When we repeat this process 10,000 times, we get an approximation to the bootstrap sampling distribution of the bootstrap statistic (the fitted humidity coefficient).

rng = np.random.default_rng(42)

boot_theta_hat = [boot_stat(train) for _ in range(10000)]

We are interested in the shape and spread of this bootstrap sampling distribution. (We know that the center will be close to the original coefficient of \(-0.086\).)

Text(0.5, 0, 'Humidity Coefficient $\\hat{\\theta}_B$')
../../_images/inf_pred_gen_boot_12_1.svg

By design, the center of the bootstrap sampling distribution will be near \(\hat{\theta}\) because the bootstrap population consists of the observed data. The hypothesized value of \(0\) is far from the sampling distribution:

None of the 10,000 simulated regression coefficients are as large as the hypothesized coefficient. Statistical logic leads us to reject the null hypothesis that we do not need to adjust the model for humidity.

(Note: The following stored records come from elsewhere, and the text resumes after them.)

Lemma hsum_essentially_unique r (lam mu : 'I_r -> R) (u w : 'I_r -> vtuple R n) :
  (forall j, lam j != 0) -> (forall j k, u j k != 0) ->
  (r + m <= \sum_(k < m) kruskal_rank (fun j => u j k))%N ->
  hsum lam u = hsum mu w ->
  exists s : {perm 'I_r}, forall j, exists alpha : C,
    [/\ alpha != 0, tprod_row setT (w (s j)) = alpha *: tprod_row setT (u j)
      & (lam j)%:C = (mu (s j))%:C * (alpha * Num.conj alpha)].
Proof.
move=> lam_neq0 u_neq0 kruskal_cond eq_hsum.
have freeU := tprod_mx_row_free u_neq0 kruskal_cond.
have [r0 | r_gt0] := posnP r; first by exists 1%g => j; have := ltn_ord j; rewrite {2}r0.
have [sigma [alpha w_eq]] := tprod_mx_sub_matching u_neq0 kruskal_cond r_gt0
  (hsum_eq_tprod_mx_sub freeU lam_neq0 eq_hsum).
have coef := hsum_eq_coef freeU w_eq eq_hsum.
have sigma_onto j : exists i, sigma i = j.
  case: (pickP (fun i => sigma i == j)) => [i /eqP | none]; first by exists i.
  by move/eqP: (coef j); rewrite big_pred0 // fmorph_eq0 (negbTE (lam_neq0 j)).
have [g sigma_g] := fin_all_exists sigma_onto; set s := perm (can_inj sigma_g).
have sigmaE i : sigma i = (s^-1)%g i by rewrite -{1}(permKV s i) permE sigma_g.
exists s => j.
have coef_j : (lam j)%:C = (mu (s j))%:C * (alpha (s j) * Num.conj (alpha (s j))).
  rewrite coef (big_pred1 (s j)) // => i /=; rewrite sigmaE.
  by apply/eqP/eqP => [<- | ->]; rewrite ?permKV ?permK.
exists (alpha (s j)); split => //; last by rewrite w_eq sigmaE permK.
apply/eqP => alpha0; move/eqP: coef_j.
by rewrite alpha0 mul0r mulr0 fmorph_eq0 (negbTE (lam_neq0 j)).
Qed.

End HermitianMatrix.

Theorem proposition2p5 (R : realType) (m : nat) (n : 'I_m -> nat) (r : nat)
    (lam : 'I_r -> R) (u : 'I_r -> vtuple R n) :
  (1 < m)%N ->
  (forall j, lam j != 0) ->
  (forall j k, u j k != 0) ->
  (r + m <= \sum_(k < m) kruskal_rank (fun j => u j k))%N ->
  hrank_is (hsum lam u) r /\
  (forall (mu : 'I_r -> R) (w : 'I_r -> vtuple R n),
     hsum lam u = hsum mu w ->
     exists s : {perm 'I_r}, forall j,
       (forall a b, (mu (s j))%:C * hprod (w (s j)) a b = (lam j)%:C * hprod (u j) a b) /\
       (forall k, exists c : complex R, w (s j) k = c *: u j k)).
Proof.
(* The argument needs no lower bound on [m]. *)
move=> _ lam_neq0 u_neq0 kruskal_cond; split.
  split; first by exists lam, u.
  move=> r' /hdecomp_rank_le; rewrite rank_hmx_hsum //; exact: tprod_mx_row_free.
move=> mu w /(hsum_essentially_unique lam_neq0 u_neq0 kruskal_cond) [s sP].
exists s => j; have [alpha [alpha_neq0 w_eq lam_eq]] := sP j; split.
  by move=> a b; rewrite !hprod_tprod !(tprod_row_scaleE w_eq) lam_eq rmorphM /=; ring.
by move=> k; apply: tprod_row_proportional w_eq alpha_neq0 (u_neq0 j) k.
Qed.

The form of the hypothesis test we performed here looks different than the earlier tests because the sampling distribution of the statistic is not centered on the null. That is because we are using the bootstrap to create the sampling distribution. We are in effect using a confidence interval for the coefficient to test the hypothesis. In the next section we introduce interval estimates more generally, including those based on the bootstrap, and we connect the concepts of hypothesis testing and confidence intervals.